I am trying to add a lot of documentation for a platform into one GPT to help me work better.
I’ve been gradually adding to a master Markdown text document, and periodically I would test it in the GPT I am building. Recently I have come to point where the GPT would just error and not respond at all…
I started to do some troubleshooting and it worth noting that I am under the assumption that GPT’s are the same as Assistants in the API, and that the ‘Knowledge’ part of GPT’s is the same as Assistants tool ‘Knowledge Retrieval’ in the API.

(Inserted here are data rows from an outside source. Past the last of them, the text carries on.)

(* Let $k\ge3$ and let $G=(V,E)$ be a connected $k$-uniform hypergraph (with $E\neq\emptyset$). (i) A nonzero vector $\mathbf x\in\mathbb C^n$ is an eigenvector of the Laplacian tensor $\mathcal D-\mathcal A$ corresponding to the eigenvalue $0$ if and only if there exist $\gamma\in\mathbb C\setminus\{0\}$ and integers $\alpha_i$ ($i\in[n]$) such that $x_i=\gamma\exp(\frac{2\alpha_i\pi}{k}\sqrt{-1})$ for all $i\in[n]$ and, for every edge $e\in E$, $\sum_{j\in e}\alpha_j=\sigma_e k$ for some integer $\sigma_e$. (ii) A nonzero vector $\mathbf x\in\mathbb C^n$ is an eigenvector of the signless Laplacian tensor $\mathcal D+\mathcal A$ corresponding to the eigenvalue $0$ if and only if there exist $\gamma\in\mathbb C\setminus\{0\}$ and integers $\alpha_i$ ($i\in[n]$) such that $x_i=\gamma\exp(\frac{2\alpha_i\pi}{k}\sqrt{-1})$ for all $i\in[n]$ and, for every edge $e\in E$, $\sum_{j\in e}\alpha_j=\sigma_e k+\frac{k}{2}$ for some integer $\sigma_e$.
   Context: A $k$-uniform hypergraph $G=(V,E)$ has vertex set $V=[n]$ ($n\ge k$) and edge set $E$ of $k$-element subsets of $V$; $E_i=\{e\in E:i\in e\}$, $d_i=|E_i|$. $G$ is connected if every two distinct vertices $i,j$ are joined by a sequence of edges $e_1,\dots,e_m$ with $i\in e_1$, $j\in e_m$, $e_r\cap e_{r+1}\neq\emptyset$. The adjacency tensor $\mathcal A$ has $a_{i_1\dots i_k}=\frac1{(k-1)!}$ if $\{i_1,\dots,i_k\}\in E$, else $0$; $\mathcal D$ is diagonal with $d_{i\dots i}=d_i$. Thus $((\mathcal D\pm\mathcal A)\mathbf x^{k-1})_i=d_ix_i^{k-1}\pm\sum_{e\in E_i}\prod_{j\in e\setminus\{i\}}x_j$. A nonzero $\mathbf x\in\mathbb C^n$ is an eigenvector of a tensor $\mathcal T$ for eigenvalue $\lambda$ if $(\mathcal T\mathbf x^{k-1})_i=\lambda x_i^{k-1}$ for all $i\in[n]$, where $(\mathcal T\mathbf x^{k-1})_i=\sum_{i_2,\dots,i_k}t_{ii_2\dots i_k}x_{i_2}\cdots x_{i_k}$. *)

(* Complex numbers are modelled by an arbitrary
   numeric algebraically closed field C (e.g. the complex numbers). *)
From HB Require Import structures.
From mathcomp Require Import all_boot all_order all_algebra.
Set Implicit Arguments. Unset Strict Implicit. Unset Printing Implicit Defensive.
Import Order.TTheory GRing.Theory Num.Theory.
Local Open Scope ring_scope.

Definition kuniform n (k : nat) (E : {set {set 'I_n}}) : Prop :=
  forall e, e \in E -> #|e| = k.

Definition hconnected n (E : {set {set 'I_n}}) : Prop :=
  forall i j : 'I_n, i != j ->
    exists (e1 : {set 'I_n}) (s : seq {set 'I_n}),
      [/\ all (fun e => e \in E) (e1 :: s), i \in e1, j \in last e1 s &
          path (fun a b => a :&: b != set0) e1 s].

(* A tensor of order k and dimension n: entries indexed by index sequences
   (only sequences of length k are relevant). *)
Definition tensor (C : Type) n := seq 'I_n -> C.

Definition tapply (C : numClosedFieldType) n (k : nat) (T : tensor C n)
    (x : 'I_n -> C) (i : 'I_n) : C :=
  \sum_(t : (k.-1).-tuple 'I_n) T (i :: val t) * \prod_(j <- val t) x j.

Definition is_eigenvector (C : numClosedFieldType) n (k : nat) (T : tensor C n)
    (x : 'I_n -> C) (lam : C) : Prop :=
  (exists i, x i != 0) /\ forall i, tapply k T x i = lam * x i ^+ k.-1.

Definition adj_tensor (C : numClosedFieldType) n (k : nat)
    (E : {set {set 'I_n}}) : tensor C n :=
  fun t => if (size t == k) && ([set j in t] \in E)
           then ((k.-1)`!%:R)^-1 else 0.

Definition hdeg n (E : {set {set 'I_n}}) (i : 'I_n) : nat :=
  #|[set e in E | i \in e]|.

Definition deg_tensor (C : numClosedFieldType) n (k : nat)
    (E : {set {set 'I_n}}) : tensor C n :=
  fun t => match t with
           | i :: r => if (size t == k) && all (fun j => j == i) r
                       then (hdeg E i)%:R else 0
           | [::] => 0
           end.

Definition laplacian (C : numClosedFieldType) n k E : tensor C n :=
  fun t => deg_tensor C k E t - adj_tensor C k E t.
Definition signless_laplacian (C : numClosedFieldType) n k E : tensor C n :=
  fun t => deg_tensor C k E t + adj_tensor C k E t.

(* exp(2 a pi sqrt(-1) / k) for integer a: k.-root (-1) = exp(pi sqrt(-1)/k)
   (the k-th root of -1 of minimal nonnegative argument). *)
Definition expik (C : numClosedFieldType) (k : nat) (a : int) : C :=
  ((k.-root (-1 : C)) ^+ 2) ^ a.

Knowledge retrieval (from docs)
Retrieval augments the Assistant with knowledge from outside its model, such as proprietary product information or documents provided by your users. Once a file is uploaded and passed to the Assistant, OpenAI will automatically chunk your documents, index and store the embeddings, and implement vector search to retrieve relevant content to answer user queries.
For anyone that doesn’t know about chunking/embedding/Vector search, this empowers a type of search that people have been doing for a while with the OpenAI Embedding model called Semantic Search or Similarity Search.
So my assumption is that Knowledge in GPT’s would chunk our documents we upload, embed them and store those embedding into a vector DB for the GPT to query in our chats.
The whole point of Semantic search is to offload knowledge externally so that it doesn’t overload the token context window of a GPT which is now 128,000 tokens, this should let GPT be able to have a MASSIVE knowledge base that is can search (ideally iteratively) and get specific (chunks of) info that it uses in its actual context to answer our questions.
This is where I feel my assumption should be right… but its wither wrong or I am misunderstanding how OpenAI what us to interact with Knowledge.
These are the current test I have done. (Failed is the same as the image above, no response)
- 136k word markdown : failed
- 122K word markdown : failed
- 110k word markdown : failed
- 100K word markdown : failed
Then I tried it in another GPT just for testing and it actually replied but it never used knowledge retrieval…It actually couldn’t which is crazy strange. It would only retrieve when code interpreter was turned on but that was using code not the semantic search to search the document…
Retrieval was working when I first started with this project…have I been shadow banned or something with all my troubleshooting
I am at a stage when feel like the platform is being rather unreasonable with me as a lot is nonsensical
So I guess I have many closed loops right now which I don’t expect anyone to answer all my questions. But here are a few:
- Are people using Knowledge and is it working fine for you?
- If yes, how many files, words, etc? File types?
- Has anyone tried to push its limits? Whats the most files/words you have added to a knowledge base?
@openai can someone get ratelimited in the GPT creation environment? or limited in any way?
I’d love to hear from anyone about their GPT knowledge journey.